Embora ainda esteja sujeita às mesmas políticas públicas do resto da Coréia, a região foi responsável por uma parcela significativa do aumento do desemprego no país.
No período observado, o nível de emprego no país asiático como um todo – que cresce a uma taxa mensal de 0,23% desde o início de 2018 – caiu 0,89%. Na DG, o declínio mais do que duplicou, para 1,91%.
Essa tendência foi repetida em diferentes setores e ocupações econômicas.
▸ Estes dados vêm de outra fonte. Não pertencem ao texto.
(* For all nonnegative nonzero vectors $x,y\in\mathbb{R}^n$, $|\sin(x,y)|\le D(x,y)$.
   Context: $\sin(x,y)$ is the sine of the angle between $x$ and $y$, and $$D(x,y)=\frac{\left\|\frac{y}{\|y\|_1}-\frac{x}{\|x\|_1}\right\|_2}{\left\|\frac{y}{\|y\|_1}\right\|_2}.$$ *)

From HB Require Import structures.
From mathcomp Require Import all_boot all_order all_algebra.
From mathcomp Require Import all_classical all_reals all_analysis.
Set Implicit Arguments. Unset Strict Implicit. Unset Printing Implicit Defensive.
Import Order.TTheory GRing.Theory Num.Theory.
Local Open Scope ring_scope.

Section Defs.
Variables (R : realType) (n : nat).

Definition norm1 (x : 'rV[R]_n) : R := \sum_(i < n) `|x 0 i|.
Definition dotv (x y : 'rV[R]_n) : R := \sum_(i < n) x 0 i * y 0 i.
Definition norm2 (x : 'rV[R]_n) : R := Num.sqrt (dotv x x).

Definition nonneg_vec (x : 'rV[R]_n) : Prop := forall i, 0 <= x 0 i.

Definition angle (x y : 'rV[R]_n) : R := acos (dotv x y / (norm2 x * norm2 y)).
Definition sin_angle (x y : 'rV[R]_n) : R := sin (angle x y).

Definition Dxy (x y : 'rV[R]_n) : R :=
  norm2 ((norm1 y)^-1 *: y - (norm1 x)^-1 *: x) / norm2 ((norm1 y)^-1 *: y).
End Defs.

(* The quotient D(x,y) is unchanged when its numerator and denominator are
   multiplied by ||y||_1, so D(x,y) = ||y - r x||_2 / ||y||_2 with
   r = ||y||_1 / ||x||_1.  Every point r x of the line spanned by x is at least
   as far from y as the orthogonal projection of y onto that line, whose
   distance from y is ||y||_2 |sin(x,y)|. *)
From HB Require Import structures.
From mathcomp Require Import all_boot all_order all_algebra.
From mathcomp Require Import all_classical all_reals all_analysis.
From mathcomp Require Import ring.
Set Implicit Arguments.
Unset Strict Implicit.
Unset Printing Implicit Defensive.
Import Order.TTheory GRing.Theory Num.Theory.
Local Open Scope ring_scope.

Section InnerProduct.
Variables (R : realType) (n : nat).
Implicit Types (p q z : 'rV[R]_n) (a r : R).

Lemma dotvC p q : dotv p q = dotv q p.
Proof. by apply: eq_bigr => i _; rewrite mulrC. Qed.

Lemma dotvZl a p q : dotv (a *: p) q = a * dotv p q.
Proof. by rewrite /dotv mulr_sumr; apply: eq_bigr => i _; rewrite mxE mulrA. Qed.

Lemma dotvZr a p q : dotv p (a *: q) = a * dotv p q.
Proof. by rewrite dotvC dotvZl dotvC. Qed.

Lemma dotv0r p : dotv p 0 = 0.
Proof. by rewrite -(scale0r 0) dotvZr mul0r. Qed.

Lemma dotv_ge0 z : 0 <= dotv z z.
Proof. by apply: sumr_ge0 => i _; rewrite -expr2 sqr_ge0. Qed.

Lemma dotv_gt0 z : z != 0 -> 0 < dotv z z.
Proof.
move=> z0; rewrite lt_neqAle dotv_ge0 andbT eq_sym; apply: contra z0 => /eqP zz0.
have sq0 := psumr_eq0P (fun i _ => sqr_ge0 (z 0 i)) zz0.
apply/eqP/rowP => i; rewrite mxE.
by have /eqP := sq0 i isT; rewrite mulf_eq0 orbb => /eqP.
Qed.

Lemma norm2Z a z : norm2 (a *: z) = `|a| * norm2 z.
Proof.
by rewrite /norm2 dotvZl dotvZr mulrA -expr2 sqrtrM ?sqr_ge0 // sqrtr_sqr.
Qed.

Lemma norm2_gt0 z : z != 0 -> 0 < norm2 z.
Proof. by move=> z0; rewrite sqrtr_gt0 dotv_gt0. Qed.

Lemma norm1_gt0 z : z != 0 -> 0 < norm1 z.
Proof.
move=> z0; rewrite lt_neqAle eq_sym sumr_ge0 // andbT; apply: contra z0 => /eqP z1.
have abs0 := psumr_eq0P (fun i _ => normr_ge0 (z 0 i)) z1.
apply/eqP/rowP => i; rewrite mxE.
by have /eqP := abs0 i isT; rewrite normr_eq0 => /eqP.
Qed.

Lemma dotv_subZ p q r :
  dotv (p - r *: q) (p - r *: q)
  = dotv p p - 2 * r * dotv p q + r ^+ 2 * dotv q q.
Proof.
rewrite /dotv !mulr_sumr -!sumrB -big_split /=; apply: eq_bigr => i _.
by rewrite !mxE; ring.
Qed.

(* Pythagoras: the first summand is the squared distance from [p] to the line
   spanned by [q]. *)
Lemma dotv_subZ_decomp p q r : q != 0 ->
  dotv (p - r *: q) (p - r *: q)
  = (dotv p p - dotv p q ^+ 2 / dotv q q)
    + (dotv p q - r * dotv q q) ^+ 2 / dotv q q.
Proof.
move=> q0; have qq0 := dotv_gt0 q0.
by rewrite dotv_subZ; field; rewrite gt_eqF.
Qed.

Lemma dotv_subZ_ge p q r : q != 0 ->
  dotv p p - dotv p q ^+ 2 / dotv q q <= dotv (p - r *: q) (p - r *: q).
Proof.
move=> q0; rewrite dotv_subZ_decomp // lerDl.
by rewrite divr_ge0 ?sqr_ge0 ?dotv_ge0.
Qed.

Lemma dotv_CauchySchwarz p q : dotv p q ^+ 2 <= dotv p p * dotv q q.
Proof.
have [->|q0] := eqVneq q 0; first by rewrite !dotv0r expr0n mulr0.
have := dotv_ge0 (p - (dotv p q / dotv q q) *: q).
rewrite dotv_subZ_decomp // mulrVK ?unitfE ?gt_eqF ?dotv_gt0 //.
rewrite subrr expr0n mul0r addr0 subr_ge0.
by rewrite ler_pdivrMr ?dotv_gt0.
Qed.

Lemma sin_angleE p q : p != 0 -> q != 0 ->
  sin_angle p q = Num.sqrt (1 - dotv p q ^+ 2 / (dotv p p * dotv q q)).
Proof.
move=> p0 q0; have pq0 : 0 < dotv p p * dotv q q by rewrite mulr_gt0 ?dotv_gt0.
have cos2 : (dotv p q / (norm2 p * norm2 q)) ^+ 2
            = dotv p q ^+ 2 / (dotv p p * dotv q q).
  by rewrite expr_div_n exprMn !sqr_sqrtr ?dotv_ge0.
rewrite /sin_angle /angle sin_acos ?cos2 //.
rewrite -ler_norml -(@ler_pXn2r _ 2) ?nnegrE // expr1n real_normK ?num_real //.
by rewrite cos2 ler_pdivrMr // mul1r dotv_CauchySchwarz.
Qed.

Lemma sin_angle_norm2_le p q r : p != 0 -> q != 0 ->
  `|sin_angle p q| * norm2 q <= norm2 (q - r *: p).
Proof.
move=> p0 q0; have pp0 := dotv_gt0 p0; have qq0 := dotv_gt0 q0.
have cos2_le1 : dotv p q ^+ 2 / (dotv p p * dotv q q) <= 1.
  by rewrite ler_pdivrMr ?mulr_gt0 // mul1r dotv_CauchySchwarz.
rewrite sin_angleE // ger0_norm ?sqrtr_ge0 // /norm2 -sqrtrM ?subr_ge0 //.
rewrite ler_sqrt ?dotv_ge0 //.
have -> : (1 - dotv p q ^+ 2 / (dotv p p * dotv q q)) * dotv q q
          = dotv q q - dotv q p ^+ 2 / dotv p p.
  by rewrite (dotvC q p); field; rewrite !gt_eqF.
exact: dotv_subZ_ge.
Qed.

Lemma DxyE p q : p != 0 -> q != 0 ->
  Dxy p q = norm2 (q - (norm1 q / norm1 p) *: p) / norm2 q.
Proof.
move=> p0 q0; have p1 := norm1_gt0 p0; have q1 := norm1_gt0 q0.
rewrite /Dxy; have -> : (norm1 q)^-1 *: q - (norm1 p)^-1 *: p
          = (norm1 q)^-1 *: (q - (norm1 q / norm1 p) *: p).
  by rewrite scalerBr scalerA mulKf ?gt_eqF.
rewrite !norm2Z -mulf_div divff ?mul1r //.
by rewrite normr_eq0 invr_eq0 gt_eqF.
Qed.

End InnerProduct.

Theorem lemmaA3 (R : realType) (n : nat) (x y : 'rV[R]_n) :
  nonneg_vec x -> nonneg_vec y -> x != 0 -> y != 0 ->
  `|sin_angle x y| <= Dxy x y.
Proof.
move=> _ _ x0 y0.
rewrite DxyE // ler_pdivlMr ?norm2_gt0 //.
exact: sin_angle_norm2_le.
Qed.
O contraste entre a região DG e o resto da Coréia criou uma espécie de laboratório natural. Nessas situações, é possível isolar e medir os efeitos de um evento ou política, com pouco risco de conclusões serem contaminadas por outros fatores.
A análise coreana permitiu que economistas comparassem os resultados do país asiático com os de outros países, como Estados Unidos e Inglaterra.
Pesquisas recentes mostraram que, após a adoção da quarentena nos dois países ocidentais, o aumento de 0,1% na infecção por Covid-19 levou a uma queda entre 5 e 6 pontos percentuais em seu emprego.
Segundo economistas coreanos, cerca de metade desse declínio – uma queda de 2% a 3% na Coréia – foi causada apenas pelo medo de infecção. A outra metade seria explicada pelo declínio da atividade causado pela própria distância social.
Embora a pesquisa escandinava se concentre em outra variável – consumo -, ela tira uma conclusão semelhante.
Os economistas aproveitaram o fato de que a Suécia e a Dinamarca atingiram a epidemia ao mesmo tempo e registraram comportamentos iniciais semelhantes em suas taxas de mortalidade por vírus.
Mas os governos reagiram de maneira diferente. Medidas restritivas foram introduzidas na Dinamarca. Na Suécia, as autoridades se concentraram na orientação voluntária.
O medo de infecção fez com que a população sueca reduzisse a circulação e o consumo não muito abaixo do registrado no país vizinho.
Os dados que permitiram comparar as tendências de consumo na Suécia e na Dinamarca foram fornecidos pela Danske banka, que opera nos dois países.
Com base em dados como custos e retiradas de cartões, foi construída uma medida de gasto por consumidor.
Os pesquisadores concluem que – em Daegu-Gyeongbuk – o medo de contaminação tem sido uma grande força negativa na economia sueca, sugerindo que, com um grande contágio, o consumo pode permanecer reprimido, mesmo com um distanciamento social descontraído.